(* Let $L>0$ be the constant of the quadratic upper bound below and let $0<\alpha\le 2/L$. There exists a constant $\rho_2>0$, independent of $k$, such that for every $k\ge1$ there are $A^{k+1}=\nabla_wH(w^{k+1},z^{k+1})$ and $B^{k+1}\in\partial_zH(w^{k+1},z^{k+1})$ with $$\big\|[A^{k+1};B^{k+1}]\big\|_2\le\rho_2\big\|[w^{k+1};z^{k+1}]-[w^k;z^k]\big\|_2 .$$
   Context: Data: $y\in\mathbb{R}^m$, $X\in\mathbb{R}^{m\times n}$ with rows $x_i^T$, preconditioned so that $X^TX=I_n$. Fix $\delta>0$. $S(x)=\frac{1}{2\sqrt{\delta}}x^2+\frac{\sqrt\delta}{2}$ if $|x|<\sqrt\delta$, $S(x)=|x|$ if $|x|\ge\sqrt\delta$. $H(w,z)=\tfrac12\|y-Xw-z\|_2^2+\delta\sum_{i=1}^m\frac{|z_i|}{S(y_i-x_i^Tw)}$, with $\nabla_w H(w,z)=-X^T(y-Xw-z)+\delta X^Tv$, $v_i=\frac{|z_i|S'(y_i-x_i^Tw)}{S(y_i-x_i^Tw)^2}$. $T(x)=0$ if $|x|\le\sqrt\delta$, $T(x)=x-\delta/x$ if $|x|>\sqrt\delta$, componentwise. SARM iteration: $w^0=0$, $z^0=0$, $w^{k+1}=w^k-\alpha\nabla_wH(w^k,z^k)$, $z^{k+1}=T(y-Xw^{k+1})$. $L>0$ is a constant depending only on $\delta$ such that for all $w,w'$ and all $z$ with $|z_i|\le S(y_i-x_i^Tw)$: $H(w',z)\le H(w,z)+\nabla_wH(w,z)^T(w'-w)+\frac L2\|w'-w\|_2^2$. For a proper lsc $\sigma:\mathbb{R}^d\to(-\infty,\infty]$, the Fréchet subdifferential $\hat\partial\sigma(b)$ is the set of $u$ with $\liminf_{a\to b,a\ne b}\frac{\sigma(a)-\sigma(b)-\langle u,a-b\rangle}{\|a-b\|}\ge0$, and the limiting subdifferential is $\partial\sigma(x)=\{u:\exists x_k\to x,\ \sigma(x_k)\to\sigma(x),\ u_k\in\hat\partial\sigma(x_k),\ u_k\to u\}$. $\partial_zH(w,z)$ is the limiting subdifferential of $z\mapsto H(w,z)$. *)

From HB Require Import structures.
From mathcomp Require Import all_boot all_order all_algebra.
From mathcomp Require Import all_classical all_reals all_analysis.
Set Implicit Arguments.
Unset Strict Implicit.
Unset Printing Implicit Defensive.
Import Order.TTheory GRing.Theory Num.Theory.
Import numFieldNormedType.Exports.
Local Open Scope classical_set_scope.
Local Open Scope ring_scope.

···

■ **EXERCISE AIM**
Output each line exactly, from the first line of the data down to the line that contains "From mathcomp Require Import all_boot", both included.

■ **RESPONSE TO THIS TASK**
(* Let $L>0$ be the constant of the quadratic upper bound below and let $0<\alpha\le 2/L$. There exists a constant $\rho_2>0$, independent of $k$, such that for every $k\ge1$ there are $A^{k+1}=\nabla_wH(w^{k+1},z^{k+1})$ and $B^{k+1}\in\partial_zH(w^{k+1},z^{k+1})$ with $$\big\|[A^{k+1};B^{k+1}]\big\|_2\le\rho_2\big\|[w^{k+1};z^{k+1}]-[w^k;z^k]\big\|_2 .$$
   Context: Data: $y\in\mathbb{R}^m$, $X\in\mathbb{R}^{m\times n}$ with rows $x_i^T$, preconditioned so that $X^TX=I_n$. Fix $\delta>0$. $S(x)=\frac{1}{2\sqrt{\delta}}x^2+\frac{\sqrt\delta}{2}$ if $|x|<\sqrt\delta$, $S(x)=|x|$ if $|x|\ge\sqrt\delta$. $H(w,z)=\tfrac12\|y-Xw-z\|_2^2+\delta\sum_{i=1}^m\frac{|z_i|}{S(y_i-x_i^Tw)}$, with $\nabla_w H(w,z)=-X^T(y-Xw-z)+\delta X^Tv$, $v_i=\frac{|z_i|S'(y_i-x_i^Tw)}{S(y_i-x_i^Tw)^2}$. $T(x)=0$ if $|x|\le\sqrt\delta$, $T(x)=x-\delta/x$ if $|x|>\sqrt\delta$, componentwise. SARM iteration: $w^0=0$, $z^0=0$, $w^{k+1}=w^k-\alpha\nabla_wH(w^k,z^k)$, $z^{k+1}=T(y-Xw^{k+1})$. $L>0$ is a constant depending only on $\delta$ such that for all $w,w'$ and all $z$ with $|z_i|\le S(y_i-x_i^Tw)$: $H(w',z)\le H(w,z)+\nabla_wH(w,z)^T(w'-w)+\frac L2\|w'-w\|_2^2$. For a proper lsc $\sigma:\mathbb{R}^d\to(-\infty,\infty]$, the Fréchet subdifferential $\hat\partial\sigma(b)$ is the set of $u$ with $\liminf_{a\to b,a\ne b}\frac{\sigma(a)-\sigma(b)-\langle u,a-b\rangle}{\|a-b\|}\ge0$, and the limiting subdifferential is $\partial\sigma(x)=\{u:\exists x_k\to x,\ \sigma(x_k)\to\sigma(x),\ u_k\in\hat\partial\sigma(x_k),\ u_k\to u\}$. $\partial_zH(w,z)$ is the limiting subdifferential of $z\mapsto H(w,z)$. *)

From HB Require Import structures.
From mathcomp Require Import all_boot all_order all_algebra.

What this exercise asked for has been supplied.